Iron overload is an important problem in kidney transplant recipients. Supplementation with iron secondary to erythropoiesis-stimulating agent administration in patients with CKD or on haemodialysis may have serious clinical implications. According to Lorenz et al., high serum ferritin levels and TS were observed in 9.4% of patients after kidney transplantation [9]. Among them 36.3% of patients had mutations in HFE. On the other hand, Ramirez et al. reported that the prevalence of HFE mutations, although high in the general population, was not always associated with laboratory and clinical findings leading to a haemochromatosis diagnosis [11]. Additionally, patients with evident criteria of haemochromatosis after kidney transplantation may show neither of the mutations related to the disease [10]. Moreover, some patients may even have high TS or ferritin levels, suggesting iron overload, although they did not receive the maximal iron dose during anaemia treatment [9]. Systemic inflammation, malignancies, liver damage, viral infections (caused by hepatitis B virus, hepatitis C virus, CMV) and alcohol consumption are claimed to be responsible for the iron overload phenotype [9] and in patients with C282Y/H63D heterozygosity [1]. A similar observation was made by Yaprak et al. [12]. In a study by Jorge et al., it was suggested that normalization of kidney endocrine function, especially in terms of increased erythropoietin production, and a lack of uraemic toxins may rapidly evoke haemochromatosis [10]. Other factors, such as surgery itself and immunosuppressive drug administration, may also lead to immune imbalance and iron metabolism abnormalities. In a recent study, Akhtar et al. observed tacrolimus-induced iron overload in the livers of Wistar rats, mostly due to increased expression of hepcidin and immunological system activation [13]. In our patient, one of the risk factors related to haemochromatosis manifestation was liver steatosis, which was diagnosed after kidney transplantation, probably as a side effect of immunosuppression. Second, infections after kidney transplantation, both viral and bacterial, could be potential triggers of haemochromatosis in the present case. Iron administration, although at high doses, did not evoke a haemochromatosis phenotype in our patient when he was haemodialyzed, despite elevated serum ferritin levels and high TS.

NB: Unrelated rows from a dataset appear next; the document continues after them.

(* If the function $\dot f^{-1}$ is strictly positive (that is, $\dot f^{-1}:\mathbb{R}\to(0,\infty)$), then $\mathcal{A}_{Q,z}=(0,\infty)$.
   Context: Setting. - $\mathcal{M}\subseteq\mathbb{R}^d$; $h:\mathcal{M}\times\mathcal{X}\to\mathcal{Y}$; the loss $\ell:\mathcal{Y}\times\mathcal{Y}\to[0,\infty)$ satisfies $\ell(y,y)=0$. - For a dataset $z=((x_1,y_1),\dots,(x_n,y_n))$, $L_z(\theta)=\frac1n\sum_i\ell(h(\theta,x_i),y_i)$. - $Q$ is a Borel probability measure on $\mathcal{M}$. - $f:[0,\infty)\to\mathbb{R}$ is convex with $f(1)=0$, and is strictly convex and differentiable. - $\dot f$ is its derivative on $(0,\infty)$ and $\dot f^{-1}$ the inverse of $\dot f$. Admissible regularization factors. $\mathcal{A}_{Q,z}\subseteq(0,\infty)$ is the set of $\lambda>0$ for which there exists $\beta\in\mathbb{R}$ with $\dot f^{-1}\big(-\frac{\beta+L_z(\theta)}{\lambda}\big)>0$ for all $\theta\in\operatorname{supp}Q$ and $\int\dot f^{-1}\big(-\frac{\beta+L_z(\theta)}{\lambda}\big)dQ(\theta)=1$. *)

From HB Require Import structures.
From mathcomp Require Import all_boot all_order all_algebra.
From mathcomp Require Import all_classical all_reals all_analysis.
Set Implicit Arguments. Unset Strict Implicit. Unset Printing Implicit Defensive.
Import Order.TTheory GRing.Theory Num.Theory.
Import numFieldNormedType.Exports.
Local Open Scope classical_set_scope.
Local Open Scope ring_scope.

Notation borelRd R d := (g_sigma_algebraType (@open ('rV[R]_d))).

Definition msupp (R : realType) (d : nat)
  (mu : set (borelRd R d) -> \bar R) : set 'rV[R]_d :=
  [set th | forall U : set 'rV[R]_d, open U -> U th -> (0 < mu U)%E].

Definition Lz (R : realType) (d : nat) (X Y : Type)
  (h : 'rV[R]_d -> X -> Y) (loss : Y -> Y -> R) (n : nat)
  (z : 'I_n -> X * Y) (th : 'rV[R]_d) : R :=
  n%:R^-1 * \sum_(i < n) loss (h th (z i).1) (z i).2.

Definition convex_on_nonneg (R : realType) (f : R -> R) : Prop :=
  forall x y t : R, 0 <= x -> 0 <= y -> 0 <= t -> t <= 1 ->
    f (t * x + (1 - t) * y) <= t * f x + (1 - t) * f y.

Definition strictly_convex_on_nonneg (R : realType) (f : R -> R) : Prop :=
  forall x y t : R, 0 <= x -> 0 <= y -> x != y -> 0 < t -> t < 1 ->
    f (t * x + (1 - t) * y) < t * f x + (1 - t) * f y.

(* The set A_{Q,z} of admissible regularization factors, where finv plays
   the role of (f')^{-1}. *)
Definition admissible (R : realType) (d : nat) (X Y : Type)
  (M : set 'rV[R]_d) (h : 'rV[R]_d -> X -> Y) (loss : Y -> Y -> R)
  (n : nat) (z : 'I_n -> X * Y) (Q : probability (borelRd R d) R)
  (finv : R -> R) : set R :=
  [set lam | 0 < lam /\
    exists beta : R,
      (forall th, M th -> msupp Q th ->
         0 < finv (- (beta + Lz h loss z th) / lam)) /\
      (\int[Q]_(th in M) (finv (- (beta + Lz h loss z th) / lam))%:E = 1)%E].

From mathcomp Require Import all_boot all_order all_algebra.
From mathcomp Require Import all_classical all_reals all_analysis.
From mathcomp Require Import ring lra measurable_realfun.

(* Convexity makes f' nondecreasing on (0, +oo); hence finv, its inverse, is
   increasing and, since its range is all of (0, +oo), continuous.  For lam > 0
   the normalising integral G(beta) = \int_M finv (-(beta + L_z) / lam) dQ is
   then nonincreasing and continuous in beta (dominated convergence: L_z >= 0
   bounds the integrand by finv (-beta / lam)).  It is at most 1/2 at
   beta = -lam f'(1/2), and at least 1 for beta very negative, because Q puts
   most of its mass on a sublevel set {L_z <= N} where the integrand is >= 2.
   The intermediate value theorem yields beta with G(beta) = 1, and the
   positivity condition holds because finv > 0 everywhere. *)

Set Implicit Arguments.
Unset Strict Implicit.
Unset Printing Implicit Defensive.

Import Order.TTheory GRing.Theory Num.Theory.
Import numFieldNormedType.Exports.
Local Open Scope classical_set_scope.
Local Open Scope ring_scope.

Lemma derive1_cvg (R : realType) (g : R -> R) (x : R) : derivable g x 1 ->
  h^-1 * (g (h + x) - g x) @[h --> 0^'] --> derive1 g x.
Proof.
move=> dg; rewrite derive1E.
suff -> : (fun h => h^-1 * (g (h + x) - g x)) =
          (fun h => h^-1 *: ((g \o shift x) (h *: 1) - g x)) by exact: dg.
by apply/funext => h; rewrite /= /shift [h *: 1]mulr1.
Qed.

Section convex_derivative.
Variables (R : realType) (f : R -> R).
Hypothesis cvxf : convex_on_nonneg f.

Lemma convex_three_slope (a b c : R) : 0 <= a -> a < b -> b < c ->
  f b * (c - a) <= f a * (c - b) + f c * (b - a).
Proof.
move=> a0 ab bc; have ca : 0 < c - a by lra.
pose t := (c - b) / (c - a).
have t0 : 0 <= t by rewrite divr_ge0 //; lra.
have t1 : t <= 1 by rewrite ler_pdivrMr //; lra.
have c0 : 0 <= c by lra.
have := cvxf a0 c0 t0 t1.
have -> : t * a + (1 - t) * c = b by rewrite /t; field; rewrite gt_eqF.
have -> : t * f a + (1 - t) * f c = (f a * (c - b) + f c * (b - a)) / (c - a).
  by rewrite /t; field; rewrite gt_eqF.
by rewrite ler_pdivlMr.
Qed.

Lemma convex_derive1_le_slope (x y : R) : 0 < x -> x < y -> derivable f x 1 ->
  derive1 f x <= (f y - f x) / (y - x).
Proof.
move=> x0 xy dfx; have yx : 0 < y - x by lra.
have dfx_right := cvg_dnbhs_at_right (derive1_cvg dfx).
rewrite -(cvg_lim _ dfx_right) //; apply: limr_le; first exact: cvgP dfx_right.
near=> h.
have h0 : 0 < h by near: h; exact: nbhs_right_gt.
have hy : h < y - x by near: h; exact: nbhs_right_lt.
rewrite [h^-1 * _]mulrC ler_pdivrMr // mulrAC ler_pdivlMr //.
have xhx : x < h + x by lra.
have hxy : h + x < y by lra.
have := convex_three_slope (ltW x0) xhx hxy; nra.
Unshelve. all: end_near. Qed.

Lemma convex_slope_le_derive1 (x y : R) : 0 < x -> x < y -> derivable f y 1 ->
  (f y - f x) / (y - x) <= derive1 f y.
Proof.
move=> x0 xy dfy; have yx : 0 < y - x by lra.
have dfy_left := cvg_dnbhs_at_left (derive1_cvg dfy).
rewrite -(cvg_lim _ dfy_left) //; apply: limr_ge; first exact: cvgP dfy_left.
near=> h.
have h0 : h < 0 by near: h; exact: nbhs_left_lt.
have hy : x - y < h by near: h; apply: nbhs_left_gt; lra.
rewrite [h^-1 * _]mulrC ler_ndivlMr // mulrAC ler_pdivlMr //.
have xhy : x < h + y by lra.
have hyy : h + y < y by lra.
have := convex_three_slope (ltW x0) xhy hyy; nra.
Unshelve. all: end_near. Qed.

Lemma convex_derive1_le (x y : R) : 0 < x -> x <= y ->
  derivable f x 1 -> derivable f y 1 -> derive1 f x <= derive1 f y.
Proof.
move=> x0; rewrite le_eqVlt => /predU1P[<- //|xy] dfx dfy.
exact: le_trans (convex_derive1_le_slope x0 xy dfx) (convex_slope_le_derive1 x0 xy dfy).
Qed.
End convex_derivative.

Section inverse_derivative.
Variables (R : realType) (f finv : R -> R).
Hypothesis cvxf : convex_on_nonneg f.
Hypothesis df : forall x, 0 < x -> derivable f x 1.
Hypothesis derive1K : forall x, 0 < x -> finv (derive1 f x) = x.
Hypothesis finvK : forall t, derive1 f (finv t) = t.
Hypothesis finv_gt0 : forall t, 0 < finv t.

Lemma finv_lt : {homo finv : s t / s < t}.
Proof.
move=> s t st; rewrite ltNge; apply/negP => ts.
have := convex_derive1_le cvxf (finv_gt0 t) ts (df (finv_gt0 t)) (df (finv_gt0 s)).
by rewrite !finvK leNgt st.
Qed.

Lemma finv_le : {mono finv : s t / s <= t}.
Proof. exact: le_mono finv_lt. Qed.

Lemma finv_continuous : continuous finv.
Proof.
move=> t; apply: (@within_continuous_continuous _ _ _ (t - 1) (t + 1));
  rewrite ?in_itv /=; try lra.
apply: segment_inc_surj_continuous => [s u _ _|y /= yab]; first exact: finv_le.
have y0 : 0 < y by apply: lt_le_trans (finv_gt0 (t - 1)) _; rewrite (itvP yab).
exists (derive1 f y); last exact: derive1K.
have dfinv s : derivable f (finv s) 1 by exact/df/finv_gt0.
have dfy := df y0.
rewrite in_itv /= -{1}(finvK (t - 1)) -{1}(finvK (t + 1)).
by apply/andP; split; apply: (convex_derive1_le cvxf) => //;
  rewrite ?finv_gt0 ?(itvP yab).
Qed.
End inverse_derivative.

Lemma measure_sublevel_ge d (T : measurableType d) (R : realType)
    (mu : {measure set T -> \bar R}) (D : set T) (L : T -> R) (r : R) :
  measurable D -> measurable_fun D L -> (r%:E < mu D)%E ->
  exists N : nat, (r%:E <= mu (D `&` L @^-1` `]-oo, N%:R]))%E.
Proof.
move=> mD mL rD; pose A (k : nat) := D `&` L @^-1` `]-oo, k%:R].
have mA k : measurable (A k) by exact: mL mD _ (measurable_itv _).
have ndA : nondecreasing_seq A.
  move=> k m km; rewrite subsetEset => x [Dx]; rewrite /= !in_itv /= => Lk.
  by split => //=; rewrite in_itv /= (le_trans Lk) // ler_nat.
have UA : \bigcup_k A k = D.
  apply/seteqP; split => [x [k _ []] //|x Dx].
  exists (Num.Def.archi_bound `|L x|) => //; split => //=.
  by rewrite in_itv /=; apply/ltW/(le_lt_trans (ler_norm _)); rewrite archi_boundP.
have mUA : measurable (\bigcup_k A k) by rewrite UA.
have cA := @nondecreasing_cvg_mu _ _ _ mu _ mA mUA ndA; rewrite UA in cA.
have ndmuA : nondecreasing_seq (mu \o A).
  by move=> k m /ndA; rewrite subsetEset => AkAm; apply: le_measure; rewrite ?inE.
have rlim : (r%:E < limn (mu \o A))%E by rewrite (cvg_lim _ cA).
have [N _ /(_ N (leqnn N)) ?] := lte_lim ndmuA (cvgP _ cA) rlim.
by exists N.
Qed.

Lemma continuous_ivt (R : realType) (G : R -> R) (a b v : R) :
  continuous G -> G a <= v -> v <= G b -> exists c, G c = v.
Proof.
move=> cG av vb.
have cGab (x y : R) : {within `[x, y], continuous G}.
  exact: continuous_subspaceT.
have [ab|ba] := leP a b.
  have vm : Num.min (G a) (G b) <= v <= Num.max (G a) (G b).
    by rewrite ge_min le_max av vb ?orbT.
  by have [c _ Gc] := IVT ab (cGab a b) vm; exists c.
have vm : Num.min (G b) (G a) <= v <= Num.max (G b) (G a).
  by rewrite ge_min le_max av vb ?orbT.
by have [c _ Gc] := IVT (ltW ba) (cGab b a) vm; exists c.
Qed.

Section shifted_integral.
Context d (T : measurableType d) (R : realType) (P : probability T R).
Variables (D : set T) (L : T -> R) (g : R -> R).
Hypothesis mD : measurable D.
Hypothesis PD : P D = 1%E.
Hypothesis mL : measurable_fun D L.
Hypothesis L_ge0 : forall x, D x -> 0 <= L x.
Hypothesis g_cont : continuous g.
Hypothesis g_nd : {homo g : s t / s <= t}.
Hypothesis g_ge0 : forall t, 0 <= g t.

Let F b x := g (- (b + L x)).

Let F_le b x : D x -> F b x <= g (- b).
Proof. by move=> Dx; apply: g_nd; have := L_ge0 Dx; lra. Qed.

Let measurable_F b : measurable_fun D (F b).
Proof.
apply: measurableT_comp; first exact: continuous_measurable_fun.
exact/measurable_funN/measurable_funD.
Qed.

Let integrable_F b : P.-integrable D (EFin \o F b).
Proof.
apply: (le_integrable mD _ _ (finite_measure_integrable_cst P (g (- b)) mD)).
  exact/measurable_EFinP.
by move=> x Dx; rewrite /= lee_fin !ger0_norm ?g_ge0 ?F_le.
Qed.

Let G b := \int[P]_(x in D) F b x.

Let integral_FE b : (\int[P]_(x in D) (F b x)%:E)%E = (G b)%:E.
Proof. by rewrite /G /Rintegral fineK // (integrable_fin_num mD (integrable_F b)). Qed.

Let G_le b : G b <= g (- b).
Proof.
apply: le_trans (le_Rintegral mD (integrable_F b)
  (finite_measure_integrable_cst P (g (- b)) mD) (F_le b)) _.
rewrite Rintegral_cst // [fine _](_ : _ = 1) ?mulr1 //.
by rewrite -[LHS]/(fine (P D)) PD.
Qed.

Let G_ge_sublevel t N :
  g t * fine (P (D `&` L @^-1` `]-oo, N])) <= G (- (t + N)).
Proof.
set A := D `&` _; have mA : measurable A by exact: mL mD _ (measurable_itv _).
rewrite -lee_fin -integral_FE EFinM fineK ?fin_num_measure // -integral_cst //.
apply: le_trans (ge0_subset_integral P mA mD _ _ _).
- apply: ge0_le_integral => //.
  + by move=> x _; apply: g_ge0.
  + by apply: (measurable_funS mD (@subIsetl _ _ _)); exact/measurable_EFinP.
  + move=> x [_]; rewrite /= in_itv /= => LN.
    by rewrite lee_fin; apply: g_nd; lra.
- exact/measurable_EFinP.
- by move=> x _; apply: g_ge0.
- exact: subIsetl.
Qed.

Let G_continuous : continuous G.
Proof.
move=> b; apply/(@cvg_nbhsP _ R^o) => u ub.
have [M _ uM] := pinfty_ex_gt0 (cvg_seq_bounded (cvgP _ ub)).
suff : (\int[P]_(x in D) (F (u n) x)%:E)%E @[n --> \oo] -->
       (\int[P]_(x in D) (F b x)%:E)%E by rewrite integral_FE => /fine_cvg.
apply: (dominated_cvg mD (g := EFin \o cst (g M))) => //.
- by move=> n; exact/measurable_EFinP.
- move=> x Dx; apply: cvg_EFin; first exact: nearW.
  apply: continuous_cvg; first exact: g_cont.
  by apply: cvgN; apply: cvgD => //; exact: cvg_cst.
- exact: (finite_measure_integrable_cst P _ mD).
- move=> n x Dx; rewrite gee0_abs ?lee_fin ?g_ge0 //.
  apply: le_trans (F_le (u n) Dx) _; apply: g_nd.
  by have /= := uM n I; rewrite ler_norml => /andP[]; lra.
Qed.

Lemma exists_shift_integral_eq (c t0 t1 : R) : g t0 <= c -> c < g t1 ->
  exists b, (\int[P]_(x in D) (g (- (b + L x)))%:E)%E = c%:E.
Proof.
move=> t0c ct1; have g1 : 0 < g t1 by apply: le_lt_trans (g_ge0 t0) _; lra.
have cPD : ((c / g t1)%:E < P D)%E by rewrite PD lte_fin ltr_pdivrMr ?mul1r.
(* On the sublevel set {L <= N} of mass >= c / g t1, the integrand at
   b = -(t1 + N) is at least g t1. *)
have [N PA] := measure_sublevel_ge mD mL cPD.
have G1 : c <= G (- (t1 + N%:R)).
  apply: le_trans (G_ge_sublevel t1 N%:R).
  rewrite mulrC -ler_pdivrMr // -lee_fin fineK ?fin_num_measure //.
  exact: mL mD _ (measurable_itv _).
have G0 : G (- t0) <= c by apply: le_trans (G_le _) _; rewrite opprK.
have [b Gb] := continuous_ivt G_continuous G0 G1.
by exists b; rewrite integral_FE Gb.
Qed.

End shifted_integral.

Theorem lemma3 (R : realType) (d : nat) (X Y : Type)
  (M : set 'rV[R]_d) (h : 'rV[R]_d -> X -> Y) (loss : Y -> Y -> R)
  (n : nat) (z : 'I_n -> X * Y) (Q : probability (borelRd R d) R)
  (f finv : R -> R) :
  (* standing assumptions *)
  (forall y1 y2, 0 <= loss y1 y2) ->
  (forall y, loss y y = 0) ->
  measurable (M : set (borelRd R d)) ->
  Q (~` M : set (borelRd R d)) = 0%E ->
  measurable_fun (M : set (borelRd R d)) (Lz h loss z) ->
  convex_on_nonneg f -> f 1 = 0 ->
  strictly_convex_on_nonneg f ->
  (forall x : R, 0 < x -> derivable f x 1) ->
  (* finv is the inverse of f' : (0,+oo) -> R, defined on all of R *)
  (forall x : R, 0 < x -> finv (derive1 f x) = x) ->
  (forall t : R, derive1 f (finv t) = t) ->
  (* hypothesis of the lemma: finv is strictly positive *)
  (forall t : R, 0 < finv t) ->
  admissible M h loss z Q finv = [set lam : R | 0 < lam].
Proof.
move=> loss_ge0 _ mM QMc mL cvxf _ _ df derive1K finvK finv_gt0.
apply/seteqP; split=> lam /=; first by case.
move=> lam0; split=> //.
have QM : Q M = 1%E.
  by rewrite -[M]setCK probability_setC ?QMc ?sube0 //; exact: measurableC.
have Lz_ge0 th : M th -> 0 <= Lz h loss z th.
  by move=> _; rewrite mulr_ge0 ?invr_ge0 // sumr_ge0.
pose g t := finv (t / lam).
have finv_cont := finv_continuous cvxf df derive1K finvK finv_gt0.
have g_cont : continuous g.
  by move=> t; apply: continuous_comp; [exact: mulrr_continuous | exact: finv_cont].
have g_nd : {homo g : s t / s <= t}.
  by move=> s t st; rewrite /g (finv_le cvxf df finvK finv_gt0) ler_pM2r ?invr_gt0.
have gE x : 0 < x -> g (derive1 f x * lam) = x.
  by move=> x0; rewrite /g mulfK ?gt_eqF ?derive1K.
have t0c : g (derive1 f 2^-1 * lam) <= 1 by rewrite gE //; lra.
have ct1 : 1 < g (derive1 f 2 * lam) by rewrite gE //; lra.
have [b Gb] := exists_shift_integral_eq mM QM mL Lz_ge0 g_cont g_nd
  (fun t => ltW (finv_gt0 _)) t0c ct1.
by exists b; split=> // th _ _; exact: finv_gt0.
Qed.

Phlebotomy is the method of choice in the treatment of haemochromatosis. Other therapies, namely, erythrocytapheresis and iron binders such as desferroxamine mesylate or deferasirox, are considered alternative treatments [2]. In patients with liver cirrhosis or hepatocellular carcinoma, liver transplantation may be the only method of treatment [14]. Phlebotomy procedures are safe and effective, with tiredness as a main side effect [15]. The goal of the therapy is lowering serum ferritin levels below 50 ng/ml, with haemoglobin levels maintained above 11 g/dl [1]. Most symptoms of haemochromatosis, including chronic fatigue and liver damage, were shown to disappear after phlebotomy; however, arthropathy, pancreatic endocrine dysfunction and hypogonadism have a less robust response to this therapy [1, 2]. Similarly, in our patient, haemochromatosis symptoms diminished after multiple phlebotomies, serum ferritin was significantly lowered, and haemoglobin levels improved.

A limitation of our study is that only HFE mutations were analysed, since testing of other genes was not available in our laboratory. However, because non-HFE mutations occur in different age groups, they were not taken under consideration for our patient.

Our study presents the case of a post-kidney transplantation patient in whom haemochromatosis symptoms became clinically apparent after kidney transplantation. Repeated phlebotomies significantly improved the haemochromatosis course and prevented disease complications. Since reports about haemochromatosis in kidney transplant recipients are rare and their results remain inconclusive, more information is needed about haemochromatosis pathogenesis in this group of patients. Special care is necessary for CKD and kidney transplant patients to prevent iron overload and its consequences.